Thursday, August 25, 2016

What are the 100 best films of the third millennium? – Le Figaro

VIDEOS – The BBC presented its ranking of the biggest feature films produced since 2000. Cocorico! Sixteen French productions are invited in the list of “new classic”. Le Figaro decrypts the other teachings of the Top 100.

For the BBC, “the movie does not die, he evolved”. In the desire to leave a cinematic traditionalism too common in schools and newspapers, and to impose new classic to our century, the English media gathered 177 critics (journalists and academics) to identify the hundred greatest films since 2000.

The aim is also to show that there on the big screen good alternatives to superhero shows, and grow a new audience to quality cinema, which is also a variety of increasingly large.

● Top 10 ranking

1- Mulholland Drive (David Lynch, American, 2001)

2- In the Mood for Love (Wong Kar-wai, Chinese, 2000)

3- There Will Be Blood (Paul Thomas Anderson, American, 2007)

4 Spirited Away (Hayao Miyazaki, Japanese, 2001)

5 Boyhood (Richard Linklater, American, 2014)

6 Eternal Sunshine of the Spotless Mind (Michel Gondry, French / American, 2004)

7- The Tree of Life (Terrence Malick, American, 2011)

8 Yi Yi: a One and a Two (Edward Yang, Taiwanese / Japanese 2000)

9 A separation (Asghar Farhadi, Iranian, 2011)

10- No Country for Old Men ( Joel and Ethan Coen, American 2007)

It is David Lynch, for Mulholland Drive – award at Cannes in 2001 – that is awarded the first place. The Top 10 is then logically dominated by US productions, including Eternal Sunshine of the Spotless Mind , which still allows the French Michel Gondry to represent France at the vertices (6th place).

This restricts Top supplemented by three Asian and Iranian productions ( a separation , 2011), and surprises especially with the presence of a cartoon in fourth place.

Spirited Away Miyazaki, most successful in the history of Japanese cinema, and here only representative of Japanese animation, is the gondola of four animated films American, whose wonderful WALL-E (29th place).

● notably absent

the American directors, too, are especially at honor. Christopher Nolan ( Memento , The Dark Knight , Inception ), the Coen brothers ( No Country for Old Men A Serious Man , Inside Llewyn Davis ), Wes Anderson ( The Royal Tenenbaums , Moonrise Kingdom , The Grand Budapest Hotel ) and Paul Thomas Anderson ( There Will be Blood , The Master , Inherent Vice ) are each appointed three time.

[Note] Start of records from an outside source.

(* Every stochastic matrix has a stationary distribution; by induction on the
   number of states, censoring the last state unless it is absorbing. *)
Lemma stationary_distribution n P :
  (1 <= n)%nat -> stochastic n P -> exists pi, stationary n P pi.
Proof.
  intros Hn; destruct n as [|N]; [lia|clear Hn].
  revert P; induction N as [|N IH]; intros P HP.
  - apply absorbing_state_stationary; auto.
    destruct HP as [_ Hrow]. pose proof (Hrow 0%nat ltac:(lia)); simpl in *; lra.
  - destruct (Req_dec (P (S N) (S N)) 1) as [Habs|Hesc].
    + apply absorbing_state_stationary; auto.
    + apply censored_stationary; auto.
      apply IH, censored_stochastic; auto.
Qed.

Notation combination n lam v := (vsum n (fun i => vscal (lam i) (v i))).

Section Combinations.

Context {V : RVectorSpace}.

Lemma vadd_zero_l (u : V) : vadd vzero u = u.
Proof. rewrite vadd_comm; apply vadd_zero. Qed.

Lemma vadd_idempotent (w : V) : vadd w w = w -> w = vzero.
Proof.
  intros H. rewrite <- (vadd_zero _ w), <- (vadd_opp _ w) at 1.
  rewrite vadd_assoc, H; apply vadd_opp.
Qed.

Lemma vscal_zero (u : V) : vscal 0 u = vzero.
Proof. apply vadd_idempotent; rewrite <- vscal_distr_r; f_equal; ring. Qed.

Lemma vscal_vzero a : vscal a (@vzero V) = vzero.
Proof. apply vadd_idempotent; rewrite <- vscal_distr_v, vadd_zero; reflexivity. Qed.

Lemma vsum_ext n (f h : nat -> V) : (forall i, (i < n)%nat -> f i = h i) -> vsum n f = vsum n h.
Proof.
  induction n as [|n IH]; simpl; intros Hfh; auto.
  rewrite IH by (intros; apply Hfh; lia). rewrite Hfh by lia; reflexivity.
Qed.

Lemma vsum_add n (f h : nat -> V) : vsum n (fun i => vadd (f i) (h i)) = vadd (vsum n f) (vsum n h).
Proof.
  induction n as [|n IH]; simpl; [rewrite vadd_zero; reflexivity|]. rewrite IH, !vadd_assoc.
  f_equal. rewrite <- !vadd_assoc; f_equal; apply vadd_comm.
Qed.

Lemma vsum_scal n c (f : nat -> V) : vsum n (fun i => vscal c (f i)) = vscal c (vsum n f).
Proof. induction n as [|n IH]; simpl; [rewrite vscal_vzero|rewrite IH, vscal_distr_v]; reflexivity. Qed.

Lemma vsum_swap n m (f : nat -> nat -> V) :
  vsum n (fun i => vsum m (fun j => f i j)) = vsum m (fun j => vsum n (fun i => f i j)).
Proof.
  induction n as [|n IH]; simpl.
  - induction m as [|m IHm]; simpl; [reflexivity|]. rewrite <- IHm, vadd_zero; reflexivity.
  - rewrite IH, <- vsum_add; reflexivity.
Qed.

Lemma vscal_rsum n (c : nat -> R) (u : V) : vscal (rsum n c) u = vsum n (fun j => vscal (c j) u).
Proof. induction n as [|n IH]; simpl; [apply vscal_zero|rewrite vscal_distr_r, IH; reflexivity]. Qed.

Lemma combination_point n a (v : nat -> V) : (a < n)%nat -> combination n (point a 1) v = v a.
Proof.
  unfold point; induction n as [|n IH]; simpl; intros Ha; [lia|].
  destruct (Nat.eqb_spec n a) as [->|Hna].
  - rewrite (vsum_ext _ _ (fun i => vscal 0 (v i))).
    + rewrite vsum_scal, vscal_zero, vadd_zero_l, vscal_one; reflexivity.
    + intros i Hi; destruct (Nat.eqb_spec i a); [lia|reflexivity].
  - rewrite IH, vscal_zero, vadd_zero by lia; reflexivity.
Qed.

Lemma combination_injective m (v : nat -> V) al be :
  affinely_independent m v -> rsum m al = rsum m be ->
  combination m al v = combination m be v -> forall i, (i < m)%nat -> al i = be i.
Proof.
  intros HA Hs Hv i Hi.
  enough (al i + -1 * be i = 0) by lra.
  apply (HA (fun k => al k + -1 * be k)); auto.
  - rewrite rsum_plus, rsum_mult; lra.
  - rewrite (vsum_ext _ _ (fun k => vadd (vscal (al k) (v k)) (vscal (-1) (vscal (be k) (v k))))).
    + rewrite vsum_add, vsum_scal, Hv; apply vadd_opp.
    + intros k _; rewrite vscal_assoc, vscal_distr_r; reflexivity.
Qed.

Lemma combination_left_fixed m (v y : nat -> V) A pi :
  (forall i, (i < m)%nat -> y i = combination m (A i) v) -> left_fixed m A pi ->
  combination m pi y = combination m pi v.
Proof.
  intros Hy Hfix.
  rewrite (vsum_ext _ _ (fun i => vsum m (fun j => vscal (pi i * A i j) (v j)))).
  - rewrite vsum_swap; apply vsum_ext; intros j Hj.
    rewrite <- vscal_rsum, Hfix; auto.
  - intros i Hi; rewrite Hy, <- vsum_scal by auto.
    apply vsum_ext; intros j _; apply vscal_assoc.
Qed.

End Combinations.

(** * Weakly naturally quasiconvex correspondences on a simplex *)

Lemma std_simplex_coord_bound n lam i : in_std_simplex n lam -> (i < n)%nat -> 0 <= lam i <= 1.
Proof.
  intros [Hs Hpos] Hi. split; [auto|]. rewrite <- Hs; apply rsum_le_term; auto.
Qed.

Lemma point_in_std_simplex n a : (a < n)%nat -> in_std_simplex n (point a 1).
Proof.
  intros Ha; split; [apply rsum_point; auto|].
  intros i _; unfold point; destruct (Nat.eqb i a); lra.
Qed.

Definition pad (m : nat) (mu : nat -> R) (i : nat) : R := if Nat.ltb i m then mu i else 0.

Lemma pad_in_std_simplex m mu : in_std_simplex m mu -> in_std_simplex (S m) (pad m mu).
Proof.
  intros [Hs Hpos]; split.
  - simpl; unfold pad at 2; rewrite Nat.ltb_irrefl, (rsum_ext _ _ mu); [lra|].
    intros i Hi; unfold pad; apply Nat.ltb_lt in Hi; rewrite Hi; reflexivity.
  - intros i _; unfold pad; destruct (Nat.ltb_spec i m); [apply Hpos; auto|lra].
Qed.

Section SimplexWNQ.

Variables (F : RVectorSpace) (K : F -> Prop) (T : F -> F -> Prop) (m : nat) (v : nat -> F).
Hypothesis Hind : affinely_independent m v.
Hypothesis HK : forall x, K x <-> exists lam, in_std_simplex m lam /\ x = combination m lam v.
Hypothesis HW : WNQ K K T.

Lemma vertex_in_simplex i : (i < m)%nat -> K (v i).
Proof.
  intros Hi; apply HK; exists (point i 1).
  split; [apply point_in_std_simplex|symmetry; apply combination_point]; auto.
Qed.

Definition affine_selection (y : nat -> F) : Prop :=
  (forall i, (i < m)%nat -> T (v i) (y i)) /\
  (forall mu, in_std_simplex m mu -> T (combination m mu v) (combination m mu y)).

however, there was the amazing and unique presence of masters such as Martin Scorsese ( the Wolf of Wall Street ), Steven Spielberg ( AI Artificial Intelligence ) and Quentin Tarantino ( Inglourious Basterds ), as well as the general lack of young directors. The Canadian Xavier Dolan, in particular, could have been eligible for the “Club 100″.

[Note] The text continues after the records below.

Lemma zsum_plus x y : zsummable x -> zsummable y ->
  zsummable (fun n => Cplus (x n) (y n)) /\
  zsum (fun n => Cplus (x n) (y n)) = Cplus (zsum x) (zsum y).
Proof.
  intros [Xr Xi] [Yr Yi].
  assert (Er : forall k, Re (zterm (fun n => Cplus (x n) (y n)) k) =
                         1 * Re (zterm x k) + 1 * Re (zterm y k))
    by (intros; unfold zterm; simpl; ring).
  assert (Ei : forall k, Im (zterm (fun n => Cplus (x n) (y n)) k) =
                         1 * Im (zterm x k) + 1 * Im (zterm y k))
    by (intros; unfold zterm; simpl; ring).
  destruct (Series_lin2 1 1 _ _ Xr Yr) as [Er' Sr].
  destruct (Series_lin2 1 1 _ _ Xi Yi) as [Ei' Si].
  split; [split|].
  - eapply ex_series_ext; [intros; symmetry; apply Er | exact Er'].
  - eapply ex_series_ext; [intros; symmetry; apply Ei | exact Ei'].
  - unfold zsum. rewrite (Series_ext _ _ Er), (Series_ext _ _ Ei), Sr, Si.
    unfold Cplus; simpl. f_equal; ring.
Qed.

Lemma zsum_scal a x : zsummable x ->
  zsummable (fun n => Cmult a (x n)) /\ zsum (fun n => Cmult a (x n)) = Cmult a (zsum x).
Proof.
  intros [Xr Xi].
  assert (Er : forall k, Re (zterm (fun n => Cmult a (x n)) k) =
                         fst a * Re (zterm x k) + (- snd a) * Im (zterm x k))
    by (intros; unfold zterm; simpl; ring).
  assert (Ei : forall k, Im (zterm (fun n => Cmult a (x n)) k) =
                         fst a * Im (zterm x k) + snd a * Re (zterm x k))
    by (intros; unfold zterm; simpl; ring).
  destruct (Series_lin2 (fst a) (- snd a) _ _ Xr Xi) as [Er' Sr].
  destruct (Series_lin2 (fst a) (snd a) _ _ Xi Xr) as [Ei' Si].
  split; [split|].
  - eapply ex_series_ext; [intros; symmetry; apply Er | exact Er'].
  - eapply ex_series_ext; [intros; symmetry; apply Ei | exact Ei'].
  - unfold zsum. rewrite (Series_ext _ _ Er), (Series_ext _ _ Ei), Sr, Si.
    unfold Cmult; simpl. f_equal; ring.
Qed.

Lemma zsum_lin a b x y : zsummable x -> zsummable y ->
  zsum (fun n => Cplus (Cmult a (x n)) (Cmult b (y n))) = Cplus (Cmult a (zsum x)) (Cmult b (zsum y)).
Proof.
  intros Hx Hy. destruct (zsum_scal a x Hx) as [Hax Sax]. destruct (zsum_scal b y Hy) as [Hby Sby].
  rewrite <- Sax, <- Sby. apply (zsum_plus _ _ Hax Hby).
Qed.

Lemma zsum_vanish a : (forall n, a n = RtoC 0) -> zsum a = RtoC 0.
Proof.
  intros Ha. unfold zsum.
  rewrite (Series_ext _ (fun _ => 0)), (Series_ext (fun k => Im (zterm a k)) (fun _ => 0)), Series_const0;
    [reflexivity| |]; intros; unfold zterm; rewrite !Ha; simpl; ring.
Qed.

Lemma zsum_nonneg_support a : (forall n, (n < 0)%Z -> a n = RtoC 0) ->
  zsum a = (Series (fun k => Re (a (Z.of_nat k))), Series (fun k => Im (a (Z.of_nat k)))).
Proof.
  intros Ha. unfold zsum.
  f_equal; apply Series_ext; intros; unfold zterm; rewrite (Ha (- Z.of_nat n - 1)%Z) by lia;
    unfold Re, Im, Cplus; simpl; ring.
Qed.

Lemma zsum_shift a b : (forall n, (n < 0)%Z -> a n = RtoC 0) ->
  (forall n, (n <= 0)%Z -> b n = RtoC 0) ->
  (forall k, b (Z.of_nat (S k)) = a (Z.of_nat k)) -> zsum b = zsum a.
Proof.
  intros Ha Hb Hba.
  rewrite (zsum_nonneg_support a), (zsum_nonneg_support b) by (auto; intros; apply Hb; lia).
  f_equal; rewrite Series_incr_1_aux by (simpl; rewrite Hb by lia; reflexivity);
    apply Series_ext; intros; rewrite Hba; reflexivity.
Qed.

Definition sqterm (d : nat) (f : seqv) (k : nat) : R :=
  sqn d f (Z.of_nat k) + sqn d f (- Z.of_nat k - 1)%Z.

● French cinema at the festival

The French cinema is rather well represented, scoring placing 16 100 feature films, including the delightful surprise Holy Motors Leos Carax (2012) in sixteenth place. As French productions, three films of Austrian director Michael Haneke swell the tricolor row: Hidden (2005), The White Ribbon (2009) and love (2012).

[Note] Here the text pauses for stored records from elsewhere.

Lemma pwlinear_sub_Vtau s v p : 0 < p -> pwlinear (p :: s) v ->
  pwlinear s (fun y => v y - jump v p * Vtau p y).
Proof.
move=> p_gt0 vL a b a_ge0 ab sab.
have [/andP[ap pb]|pab] := boolP (a < p < b); last first.
  apply: affine_on_lin.
    by apply: vL => // t; rewrite in_cons => /orP[/eqP->|/sab //]; apply/negP.
  apply: affine_on_Vtau => //.
  by move: pab; rewrite negb_and -!leNgt => /orP[]; [left|right].
have vA1 : affine_on a p v.
  apply: vL => // t; rewrite in_cons => /orP[/eqP->|ts]; first lra.
  by move=> ?; apply: (sab t ts); lra.
have vA2 : affine_on p b v.
  apply: vL => //; first lra.
  move=> t; rewrite in_cons => /orP[/eqP->|ts]; first lra.
  by move=> ?; apply: (sab t ts); lra.
have pa : p - a != 0 by rewrite subr_eq0 gt_eqF.
have bp : b - p != 0 by rewrite subr_eq0 gt_eqF.
have vlp : lderiv v p = (v p - v a) / (p - a).
  rewrite (lderiv_affine_on (d := p - a)) ?lt0r_neq0 ?subr_gt0 //;
    by rewrite (_ : p - (p - a) = a) //; ring.
have vrp : rderiv v p = (v b - v p) / (b - p).
  rewrite (rderiv_affine_on (d := b - p)) ?subr_gt0 //;
    by rewrite (_ : p + (b - p) = b) //; ring.
have wE y : a <= y -> y <= b ->
    v y - jump v p * Vtau p y = v p + (y - p) * ((v p - v a) / (p - a)).
  move=> ay yb; rewrite /jump vlp vrp.
  have [yp|py] := lerP y p.
    by rewrite Vtau_le // mulr0 subr0 (vA1 y ay yp); field; rewrite ?pa ?bp.
  by rewrite Vtau_ge ?(ltW py) // (vA2 y (ltW py) yb); field; rewrite pa bp.
have ba : b - a != 0 by rewrite subr_eq0 gt_eqF.
by move=> y ay yb; rewrite !wE //; [field; rewrite ?pa ?ba|lra|lra].
Qed.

There are also The Life of Adele Abdellatif Kechiche, A Prophet by Jacques Audiard, Amélie Jean-Pierre Jeunet, and more surprisingly Goodbye to language at the 49th place, the last film by Jean-Luc Godard, who won the jury prize at Cannes in 2014 (tied with Xavier Dolan).

Toni Erdmann comes to the last minute

for the hundredth and last place, encrusted a last minute guest in the person of Toni Erdmann (Maren Ade), released a few days ago already elected and film of the year by critics.